- Loose monetary policy has lasted for about a decade, meaning that investors have become used to central banks protecting the financial system.
- As a result, they feel safer in taking added risk, which could lead to a market crash.
Market volatility has been low, meaning that stock prices have been stable for a long time.
Some investors have interpreted this as a sign of current market risk and that there could be a sudden correction in stock markets, meaning many people could be about to lose vast sums of money.
"I believe low volatility to be the result of years of monumental liquidity injections by major central banks and their reflexive effect on investors' behavior and the buy-the-dip mentality, expecting central banks to hold their back," Francesco Filia, chief executive officer of Fasanara Capital, told CNBC via email.
In the aftermath of the 2008 financial crisis, central banks began buying large amounts of sovereign bonds to ensure there will be liquidity in the markets, despite the collapse of some banks and high levels of individual and corporate debt.
However, their loose monetary policy has lasted for about a decade, meaning that investors have become used to central banks protecting the financial system. As a result, they feel safer in taking added risk.
"Low volatility may eventually prove to be a trap for markets, when the tide turns, suddenly revealing the pressure cooker it led investors into," Filia said.
"Low volatility sows the seeds of its own demise, as it leads to complacency, excess risk-taking, excess leverage and a vast correlation across investment strategies: in the words of Hyman Minsky, stability is destabilizing."
Daniel Lacalle, chief economist at Tressis, told CNBC Wednesday that "even the mildest change on volatility as seen this week can cause abrupt moves in markets."
The VIX, which shows the market's expectation of 30-day volatility, hit a five-month high Tuesday while U.S. stocks saw back-to-back declines — which have been uncommon lately. At the same time, bond markets have seen yields rising close to the 3 percent level, adding to concerns of a potential market correction.

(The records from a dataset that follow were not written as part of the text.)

(* Let $\mathcal X\subseteq[0,1]$ be a Borel set with $0\in\mathcal X$ and $1\in\mathcal X$, and fix $\mu\in(0,1)$. Let $\mathcal H_\mu=\{P\in\mathcal P_{\mathcal X}:\mathbb E_P[X]=\mu\}$, let $I_\mu=[(\mu-1)^{-1},\mu^{-1}]$, and let $$\mathcal E^{\mathrm{cb}}_\mu=\big\{E_\beta:x\mapsto 1+\beta(x-\mu)\,,\ \beta\in I_\mu\big\}.$$ Then $\mathcal E^{\mathrm{cb}}_\mu$ is the optimal e-class for $\mathcal H_\mu$.
   Context: $\mathcal P_{\mathcal Z}$ denotes the set of Borel probability measures on a Borel set $\mathcal Z\subseteq\mathbb R^d$. A hypothesis is a non-empty $\mathcal H\subseteq\mathcal P_{\mathcal Z}$. An e-variable for $\mathcal H$ is a Borel measurable $E:\mathcal Z\to[0,+\infty)$ with $\mathbb E_P[E]\le 1$ for all $P\in\mathcal H$; $\mathcal E_{\mathcal H}$ is the set of all e-variables for $\mathcal H$, and an e-class is any subset of $\mathcal E_{\mathcal H}$. For functions $f,f'$ on $\mathcal Z$, $f\succeq f'$ means $f(z)\ge f'(z)$ for all $z\in\mathcal Z$. An e-class $\mathcal E$ majorises an e-class $\mathcal E'$ if for every $E'\in\mathcal E'$ there is $E\in\mathcal E$ with $E\succeq E'$; $\mathcal E$ is a majorising e-class if it majorises $\mathcal E_{\mathcal H}$. A majorising e-class is called optimal if it is contained in every other majorising e-class. *)

From HB Require Import structures.
From mathcomp Require Import all_boot all_order all_algebra.
From mathcomp Require Import all_classical all_reals all_analysis.
Set Implicit Arguments. Unset Strict Implicit. Unset Printing Implicit Defensive.
Import Order.TTheory GRing.Theory Num.Theory.
Local Open Scope classical_set_scope.
Local Open Scope ring_scope.

(* A Borel probability measure on X
   is encoded as a Borel probability measure P on R with P X = 1.
   A function on X is encoded as a function R -> R vanishing outside X. *)

Definition prob_on (R : realType) (X : set R) : set (probability R R) :=
  [set P | P X = 1%E].

Definition evar (R : realType) (X : set R) (H : set (probability R R))
  (E : R -> R) : Prop :=
  [/\ measurable_fun setT E,
      (forall x, 0 <= E x),
      (forall x, ~ X x -> E x = 0) &
      (forall P, H P -> (\int[P]_x (E x)%:E <= 1)%E)].

Definition eclass (R : realType) (X : set R) (H : set (probability R R))
  (C : set (R -> R)) : Prop := C `<=` evar X H.

Definition dominates (R : realType) (X : set R) (f f' : R -> R) : Prop :=
  forall x, X x -> f' x <= f x.

Definition majorises (R : realType) (X : set R) (C C' : set (R -> R)) : Prop :=
  forall E', C' E' -> exists2 E, C E & dominates X E E'.

Definition majorising (R : realType) (X : set R) (H : set (probability R R))
  (C : set (R -> R)) : Prop :=
  eclass X H C /\ majorises X C (evar X H).

Definition optimal_eclass (R : realType) (X : set R) (H : set (probability R R))
  (C : set (R -> R)) : Prop :=
  majorising X H C /\
  forall C', majorising X H C' -> C `<=` C'.

Definition H_mean (R : realType) (X : set R) (mu : R) : set (probability R R) :=
  [set P | prob_on X P /\ (\int[P]_x (x%:E) = mu%:E)%E].

Definition E_beta (R : realType) (X : set R) (mu beta : R) : R -> R :=
  fun x => if x \in X then 1 + beta * (x - mu) else 0.

Definition Ecb (R : realType) (X : set R) (mu : R) : set (R -> R) :=
  [set E | exists2 beta, (mu - 1)^-1 <= beta <= mu^-1 & E = E_beta X mu beta].

From HB Require Import structures.
From mathcomp Require Import all_boot all_order all_algebra.
From mathcomp Require Import all_classical all_reals all_analysis.
From mathcomp Require Import ring lra measurable_realfun.
Set Implicit Arguments.
Unset Strict Implicit.
Unset Printing Implicit Defensive.

Import Order.TTheory GRing.Theory Num.Theory.
Local Open Scope classical_set_scope.
Local Open Scope ring_scope.

(* An e-variable E for H_mu has expectation at most 1 under every two-point
   law with mean mu, i.e. for a <= mu <= b in X the chord of E between a and b
   passes below the point (mu, 1).  Hence every slope (1 - E a) / (mu - a) with
   a < mu dominates every slope (E b - 1) / (b - mu) with b > mu, and the
   infimum beta of the former gives a line 1 + beta (x - mu) lying above E on
   X; evaluating at 0 and 1, where E >= 0, puts beta in I_mu.  Conversely, on X
   the line is (1 - beta mu) (1 - x) + (1 + beta (1 - mu)) x, a nonnegative
   combination exactly when beta is in I_mu, so its expectation under H_mu is
   1.  Finally, the chord inequality through the endpoint 1 (or 0) forces an
   e-variable dominating such a line to coincide with it, so each E_beta lies
   in every majorising class. *)

Section two_point.
Context (R : realType) (a b : R) (p q : {nonneg R}).
Hypothesis pq1 : p%:num + q%:num = 1.

Definition two_point := measure_add (mscale p \d_a) (mscale q \d_b).

HB.instance Definition _ := Measure.on two_point.

Let two_pointT : two_point setT = 1%E.
Proof.
by rewrite /two_point measure_addE /= /mscale /= !diracT !mule1 -EFinD pq1.
Qed.

HB.instance Definition _ :=
  Measure_isProbability.Build _ _ _ two_point two_pointT.

Definition two_point_prob : probability R R := two_point.

Lemma two_point_supp (A : set R) : A a -> A b -> two_point_prob A = 1%E.
Proof.
move=> Aa Ab; rewrite /= /two_point measure_addE /= /mscale /=.
by rewrite !diracE !mem_set // !mule1 -EFinD pq1.
Qed.

Lemma ge0_integral_two_point (f : R -> \bar R) :
  measurable_fun [set: R] f -> (forall x, 0 <= f x)%E ->
  (\int[two_point_prob]_x f x = p%:num%:E * f a + q%:num%:E * f b)%E.
Proof.
move=> mf f0; rewrite ge0_integral_measure_add // !ge0_integral_mscale //.
by rewrite !integral_dirac // !diracT !mul1e.
Qed.

Lemma integral_two_point (g : R -> R) : measurable_fun [set: R] g ->
  (\int[two_point_prob]_x (g x)%:E = (p%:num * g a + q%:num * g b)%:E)%E.
Proof.
move=> mg; have mG : measurable_fun [set: R] (EFin \o g).
  exact/measurable_EFinP.
rewrite integralE !ge0_integral_two_point //;
  [|exact: measurable_funeneg|exact: measurable_funepos].
have gE x : g x = g^\+ x - g^\- x := esym (congr1 (@^~ x) (funrposBneg g)).
rewrite !funeposE !funenegE /= (_ : 0%E = 0%:E) // -!EFin_max -!EFinM -!EFinD.
by rewrite [in RHS](gE a) [in RHS](gE b) /funrpos /funrneg; congr EFin; ring.
Qed.

End two_point.

Section evar_chord.
Variables (R : realType) (X : set R) (mu : R) (E : R -> R).
Hypothesis evarE : evar X (H_mean X mu) E.

Lemma evar_two_point_le1 a b (p q : {nonneg R}) (pq1 : p%:num + q%:num = 1) :
  X a -> X b -> p%:num * a + q%:num * b = mu ->
  p%:num * E a + q%:num * E b <= 1.
Proof.
move: evarE => [mE E0 _ intE] Xa Xb pqmu.
have Hpq : H_mean X mu (two_point_prob a b pq1).
  split; first exact: two_point_supp.
  by rewrite integral_two_point ?pqmu.
have := intE _ Hpq; rewrite ge0_integral_two_point.
- by rewrite -!EFinM -EFinD lee_fin.
- exact/measurable_EFinP.
- by move=> x; rewrite lee_fin.
Qed.

Lemma evar_le1_at_mean : X mu -> E mu <= 1.
Proof.
move=> Xmu; have pq1 : 1%:nng%:num + 0%:nng%:num = 1 :> R by rewrite addr0.
have := evar_two_point_le1 pq1 Xmu Xmu.
by rewrite /= !mul1r !mul0r !addr0; apply.
Qed.

Lemma evar_chord_le a b : X a -> X b -> a <= mu -> mu <= b ->
  (b - mu) * E a + (mu - a) * E b <= b - a.
Proof.
move=> Xa Xb amu mub.
have [ab|ba] := ltP a b; last first.
  have [-> ->] : a = mu /\ b = mu by split; lra.
  by rewrite !subrr !mul0r addr0.
have ba0 : 0 < b - a by rewrite subr_gt0.
have p0 : 0 <= (b - mu) / (b - a) by rewrite divr_ge0 ?subr_ge0 // ltW.
have q0 : 0 <= (mu - a) / (b - a) by rewrite divr_ge0 ?subr_ge0 // ltW.
have pq1 : (NngNum p0)%:num + (NngNum q0)%:num = 1.
  by rewrite /= -mulrDl addrA subrK divff // gt_eqF.
have mean : (b - mu) / (b - a) * a + (mu - a) / (b - a) * b = mu.
  by field; rewrite gt_eqF.
have := evar_two_point_le1 pq1 Xa Xb mean; rewrite /=.
by rewrite [_ / _ * E a]mulrAC [_ / _ * E b]mulrAC -mulrDl ler_pdivrMr // mul1r.
Qed.
End evar_chord.

Section E_beta.
Variables (R : realType) (X : set R) (mu : R).

Lemma E_betaE beta x : X x -> E_beta X mu beta x = 1 + beta * (x - mu).
Proof. by move=> Xx; rewrite /E_beta mem_set. Qed.

Lemma E_beta_notin beta x : ~ X x -> E_beta X mu beta x = 0.
Proof. by move=> Xx; rewrite /E_beta memNset. Qed.

Hypotheses (mu0 : 0 < mu) (mu1 : mu < 1).

Lemma cb_slopeP beta : (mu - 1)^-1 <= beta <= mu^-1 <->
  beta * (mu - 1) <= 1 /\ beta * mu <= 1.
Proof.
rewrite -[_ * mu <= 1]ler_pdivlMr // -[_ * (mu - 1) <= 1]ler_ndivrMr.
  by rewrite !div1r; split=> /andP.
by rewrite subr_lt0.
Qed.

Hypotheses (mX : measurable X) (X01 : X `<=` `[0, 1]).

Let measurable_indic_id : measurable_fun [set: R] (fun x => \1_X x * x).
Proof. by apply: measurable_funM => //; exact: measurable_indic. Qed.

Let measurable_indic_onem :
  measurable_fun [set: R] (fun x => \1_X x * (1 - x)).
Proof.
by apply: measurable_funM; [exact: measurable_indic|exact: measurable_funB].
Qed.

Let indic_id_ge0 x : 0 <= \1_X x * x.
Proof.
rewrite indicE; have [/set_mem/X01|] := boolP (x \in X); last by rewrite mul0r.
by rewrite /= in_itv mul1r => /andP[].
Qed.

Let indic_onem_ge0 x : 0 <= \1_X x * (1 - x).
Proof.
rewrite indicE; have [/set_mem/X01|] := boolP (x \in X); last by rewrite mul0r.
by rewrite /= in_itv mul1r subr_ge0 => /andP[].
Qed.

Lemma integral_indic_id P : H_mean X mu P ->
  (\int[P]_x (\1_X x * x)%:E = mu%:E)%E.
Proof.
move=> [PX <-]; apply: ae_eq_integral => //.
  exact/measurable_EFinP.
exists (~` X); split => [||x /= nae]; first exact: measurableC.
- by move: (probability_setC P mX); rewrite [P X]PX subee.
by move=> Xx; apply: nae => _; rewrite indicE mem_set ?mul1r.
Qed.

Lemma integral_indic_onem P : H_mean X mu P ->
  (\int[P]_x (\1_X x * (1 - x))%:E = (1 - mu)%:E)%E.
Proof.
move=> HP; have [PX _] := HP.
have : (\int[P]_x (\1_X x * (1 - x))%:E + \int[P]_x (\1_X x * x)%:E = 1)%E.
  rewrite -ge0_integralD //; [|by move=> ? _; rewrite lee_fin|
    exact/measurable_EFinP|by move=> ? _; rewrite lee_fin|
    exact/measurable_EFinP].
  under eq_integral do rewrite -EFinD -mulrDr subrK mulr1.
  by rewrite integral_indic // setIT.
by rewrite integral_indic_id // EFinB => <-; rewrite addeK.
Qed.

Lemma evar_E_beta beta : (mu - 1)^-1 <= beta <= mu^-1 ->
  evar X (H_mean X mu) (E_beta X mu beta).
Proof.
move=> /cb_slopeP[beta_lo beta_hi].
have c0 : 0 <= 1 - beta * mu by lra.
have c1 : 0 <= 1 + beta * (1 - mu) by lra.
have -> : E_beta X mu beta = fun x =>
    (1 - beta * mu) * (\1_X x * (1 - x)) + (1 + beta * (1 - mu)) * (\1_X x * x).
  by apply/funext => x; rewrite /E_beta indicE; case: (x \in X) => /=; ring.
split.
- by apply: measurable_funD; exact: measurable_funM.
- by move=> x; rewrite addr_ge0 // mulr_ge0.
- by move=> x nXx; rewrite indicE memNset // !mul0r !mulr0 addr0.
move=> P HP; under eq_integral do rewrite EFinD (EFinM (1 - _)) (EFinM (1 + _)).
rewrite ge0_integralD //; first last.
- exact/measurable_funeM/measurable_EFinP.
- by move=> x _; rewrite -EFinM lee_fin mulr_ge0.
- exact/measurable_funeM/measurable_EFinP.
- by move=> x _; rewrite -EFinM lee_fin mulr_ge0.
rewrite !ge0_integralZl //; first last.
- by move=> x _; rewrite lee_fin.
- exact/measurable_EFinP.
- by move=> x _; rewrite lee_fin.
- exact/measurable_EFinP.
rewrite integral_indic_onem // integral_indic_id // -!EFinM -EFinD lee_fin.
by have -> : (1 - beta * mu) * (1 - mu) + (1 + beta * (1 - mu)) * mu = 1
  by ring.
Qed.

End E_beta.

Section cb_optimality.
Variables (R : realType) (X : set R) (mu : R).
Hypotheses (X0 : X 0) (X1 : X 1) (mu0 : 0 < mu) (mu1 : mu < 1).

Section dominating_slope.
Variable E : R -> R.
Hypothesis evarE : evar X (H_mean X mu) E.

Lemma E_beta_dominates beta :
  (forall a, X a -> a < mu -> beta * (mu - a) <= 1 - E a) ->
  (forall b, X b -> mu < b -> E b - 1 <= beta * (b - mu)) ->
  dominates X (E_beta X mu beta) E.
Proof.
move=> below above x Xx; rewrite E_betaE //.
have [xmu|mux|xmu] := ltgtP x mu.
- by have := below x Xx xmu; lra.
- by have := above x Xx mux; lra.
- by rewrite xmu subrr mulr0 addr0 (evar_le1_at_mean evarE) // -xmu.
Qed.

Lemma evar_slope_le a b : X a -> X b -> a < mu -> mu < b ->
  (E b - 1) / (b - mu) <= (1 - E a) / (mu - a).
Proof.
move=> Xa Xb amu mub.
rewrite ler_pdivrMr ?subr_gt0 // mulrAC ler_pdivlMr ?subr_gt0 //.
by have := evar_chord_le evarE Xa Xb (ltW amu) (ltW mub); lra.
Qed.

Lemma exists_separating_slope : exists beta,
  (forall a, X a -> a < mu -> beta * (mu - a) <= 1 - E a) /\
  (forall b, X b -> mu < b -> E b - 1 <= beta * (b - mu)).
Proof.
pose S := [set (1 - E a) / (mu - a) | a in [set a | X a /\ a < mu]].
have S0 : S !=set0 by exists ((1 - E 0) / (mu - 0)), 0.
have S_lb b : X b -> mu < b -> lbound S ((E b - 1) / (b - mu)).
  by move=> Xb mub _ [a [Xa amu] <-]; exact: evar_slope_le.
exists (inf S); split=> [a Xa amu|b Xb mub].
- rewrite -ler_pdivlMr ?subr_gt0 //; apply: ge_inf; last by exists a.
  by exists ((E 1 - 1) / (1 - mu)); exact: S_lb.
- rewrite -ler_pdivrMr ?subr_gt0 //.
  by apply: lb_le_inf; [exact: S0|exact: S_lb].
Qed.

End dominating_slope.

Lemma majorises_Ecb : majorises X (Ecb X mu) (evar X (H_mean X mu)).
Proof.
move=> E evarE; have [_ E_ge0 _ _] := evarE.
have [beta [below above]] := exists_separating_slope evarE.
exists (E_beta X mu beta); last exact: E_beta_dominates.
exists beta => //; apply/cb_slopeP => //; split.
- by have := above 1 X1 mu1; have := E_ge0 1; lra.
- by have := below 0 X0 mu0; have := E_ge0 0; lra.
Qed.

Lemma E_beta_maximal beta E : evar X (H_mean X mu) E ->
  dominates X E (E_beta X mu beta) -> E = E_beta X mu beta.
Proof.
move=> evarE dom; have [_ _ E_notin _] := evarE.
apply/funext => x; have [Xx|nXx] := pselect (X x); last first.
  by rewrite E_notin // E_beta_notin.
apply/le_anti; rewrite dom // andbT E_betaE //.
have := dom 0 X0; have := dom 1 X1; rewrite !E_betaE // => E1 E0.
have [xmu|mux|xmu] := ltgtP x mu.
- rewrite -(@ler_pM2l _ (1 - mu)) ?subr_gt0 //.
  have mu_x : 0 <= mu - x by rewrite subr_ge0 ltW.
  have := ler_wpM2l mu_x E1.
  have := evar_chord_le evarE Xx X1 (ltW xmu) (ltW mu1); lra.
- rewrite -(@ler_pM2l _ mu) //.
  have x_mu : 0 <= x - mu by rewrite subr_ge0 ltW.
  have := ler_wpM2l x_mu E0.
  have := evar_chord_le evarE X0 Xx (ltW mu0) (ltW mux); lra.
- by rewrite xmu subrr mulr0 addr0 (evar_le1_at_mean evarE) // -xmu.
Qed.

End cb_optimality.

Theorem theorem1 (R : realType) (X : set R) (mu : R) :
  measurable X -> X `<=` `[0, 1] -> X 0 -> X 1 -> 0 < mu < 1 ->
  optimal_eclass X (H_mean X mu) (Ecb X mu).
Proof.
move=> mX X01 X0 X1 /andP[mu0 mu1].
have Ecb_evar : eclass X (H_mean X mu) (Ecb X mu).
  by move=> _ [beta Ibeta ->]; exact: evar_E_beta.
split; first by split; last exact: majorises_Ecb.
move=> C' [C'_evar C'_maj] _ [beta Ibeta ->].
have [E C'E dom] := C'_maj _ (evar_E_beta mu0 mu1 mX X01 Ibeta).
by rewrite -(E_beta_maximal X0 X1 mu0 mu1 (C'_evar _ C'E) dom).
Qed.
(* Let $X\subseteq[0,1]^n$ be closed and suppose $X$ has a rationally outgoing $k$-tangent $u$ at $x$, witnessed by a rational simplex $S\subseteq[0,1]^n$, a face $F$ of $S$ and $\lambda\in\mathbb{R}^k_{>0}$ with $C_{x,u,\lambda}\subseteq S$, $C_{x,u,\lambda}\not\subseteq F$, $F\cap X=S\cap X$. Let $f,g\in\mathcal{M}([0,1]^n)$ satisfy $f^{-1}(0)=F$ and $g^{-1}(0)=S$. Then $f|_X$ and $g|_X$ have the same zero set in $X$ (so $f|_X$ lies in a given maximal ideal of $\mathcal{M}(X)$ iff $g|_X$ does), but $f|_X$ does not belong to the principal ideal of $\mathcal{M}(X)$ generated by $g|_X$; i.e., there is no integer $m>0$ with $f|_X\le m\,g|_X$. Consequently $\mathcal{M}(X)$ is not strongly semisimple.
   Context: $\mathcal{M}([0,1]^n)$ denotes the MV-algebra of continuous functions $[0,1]^n\to[0,1]$ that are piecewise affine linear with finitely many pieces having integer coefficients, with pointwise MV-operations; $\mathcal{M}(X)$ is the MV-algebra of their restrictions to $X$. The principal ideal generated by $a$ is $\{b\mid b\le ma\text{ for some integer }m>0\}$ ($ma$ is the $m$-fold truncated sum). Maximal ideals of $\mathcal{M}(X)$ are exactly $\{h\mid h(y)=0\}$, $y\in X$. Strong semisimplicity: every principal ideal is an intersection of maximal ideals. $k$-tangents: For pairwise orthogonal unit vectors $u=(u_1,\ldots,u_k)$ in $\mathbb{R}^n$, $\mathsf p_l$ the orthogonal projection onto $\mathbb{R}u_1+\cdots+\mathbb{R}u_l$ ($\mathsf p_0=0$), $u$ is a $k$-tangent of $X$ at $x$ if there is a sequence $x_i\in X$, $x_i\to x$, with $x_i-x\notin\mathbb{R}u_1+\cdots+\mathbb{R}u_k$, and $\lim_i \dfrac{x_i-x-\mathsf{p}_{l-1}(x_i-x)}{\|x_i-x-\mathsf{p}_{l-1}(x_i-x)\|}=u_l$ for $l=1,\ldots,k$. $C_{x,u,\lambda}=\mathrm{conv}(x,\,x+\lambda_1u_1,\,\ldots,\,x+\lambda_1u_1+\cdots+\lambda_ku_k)$. Rationally outgoing: there exist a rational simplex $S$, a face $F$ of $S$, and $\lambda\in\mathbb{R}^k_{>0}$ with $C_{x,u,\lambda}\subseteq S$, $C_{x,u,\lambda}\not\subseteq F$, $F\cap X=S\cap X$. *)

From mathcomp Require Import all_boot.
From Stdlib Require Import Reals.

Set Implicit Arguments.
Unset Strict Implicit.
Unset Printing Implicit Defensive.

Open Scope R_scope.

Definition vec (n : nat) := 'I_n -> R.

Definition sumI (m : nat) (c : 'I_m -> R) : R :=
  foldr Rplus 0 (map c (enum 'I_m)).

Definition vadd n (a b : vec n) : vec n := fun i => a i + b i.
Definition vsub n (a b : vec n) : vec n := fun i => a i - b i.
Definition vscale n (r : R) (a : vec n) : vec n := fun i => r * a i.
Definition vzero n : vec n := fun _ => 0.
Definition dot n (a b : vec n) : R := sumI (fun i => a i * b i).
Definition norm n (a : vec n) : R := sqrt (dot a a).

Definition lincomb n m (c : 'I_m -> R) (P : 'I_m -> vec n) : vec n :=
  fun i => sumI (fun j => c j * P j i).

Definition inCube n (x : vec n) : Prop := forall i, 0 <= x i <= 1.

Definition vconv n (a : nat -> vec n) (b : vec n) : Prop :=
  Un_cv (fun i => norm (vsub (a i) b)) 0.

Definition vclosed n (X : vec n -> Prop) : Prop :=
  forall (a : nat -> vec n) (b : vec n), (forall i, X (a i)) -> vconv a b -> X b.

Definition conv_on n m (A : 'I_m -> bool) (P : 'I_m -> vec n) : vec n -> Prop :=
  fun y => exists c : 'I_m -> R,
    (forall j, 0 <= c j) /\ (forall j, A j = false -> c j = 0) /\
    sumI c = 1 /\ y = lincomb c P.

Definition conv n m (P : 'I_m -> vec n) : vec n -> Prop :=
  conv_on (fun _ => true) P.

Definition is_rational (r : R) : Prop :=
  exists p q : Z, (0 < q)%Z /\ r = IZR p / IZR q.
Definition rational_pt n (v : vec n) : Prop := forall i, is_rational (v i).

Definition aff_indep n m (V : 'I_m -> vec n) : Prop :=
  forall c : 'I_m -> R, sumI c = 0 -> lincomb c V = @vzero n -> forall j, c j = 0.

"Personally, I would probably look at a combination of extended valuation levels and much talk that markets can only go up from here, while the economic outlook is increasingly uncertain or overheating," Lothar Mentel, chief executive officer at Tatton Investment Management, told CNBC via email.
He explained that he has extended valuations in the U.S., but there is much talk that U.S. stocks are about to fall while the economic outlook is currently pretty stable. "The worst we can see on the horizon is a slowing in the growth of growth itself, rather than growth turning negative," he said.
"So I am afraid low equity volatility is always a concern, but by no means 'the canary in the coal mine' on its own."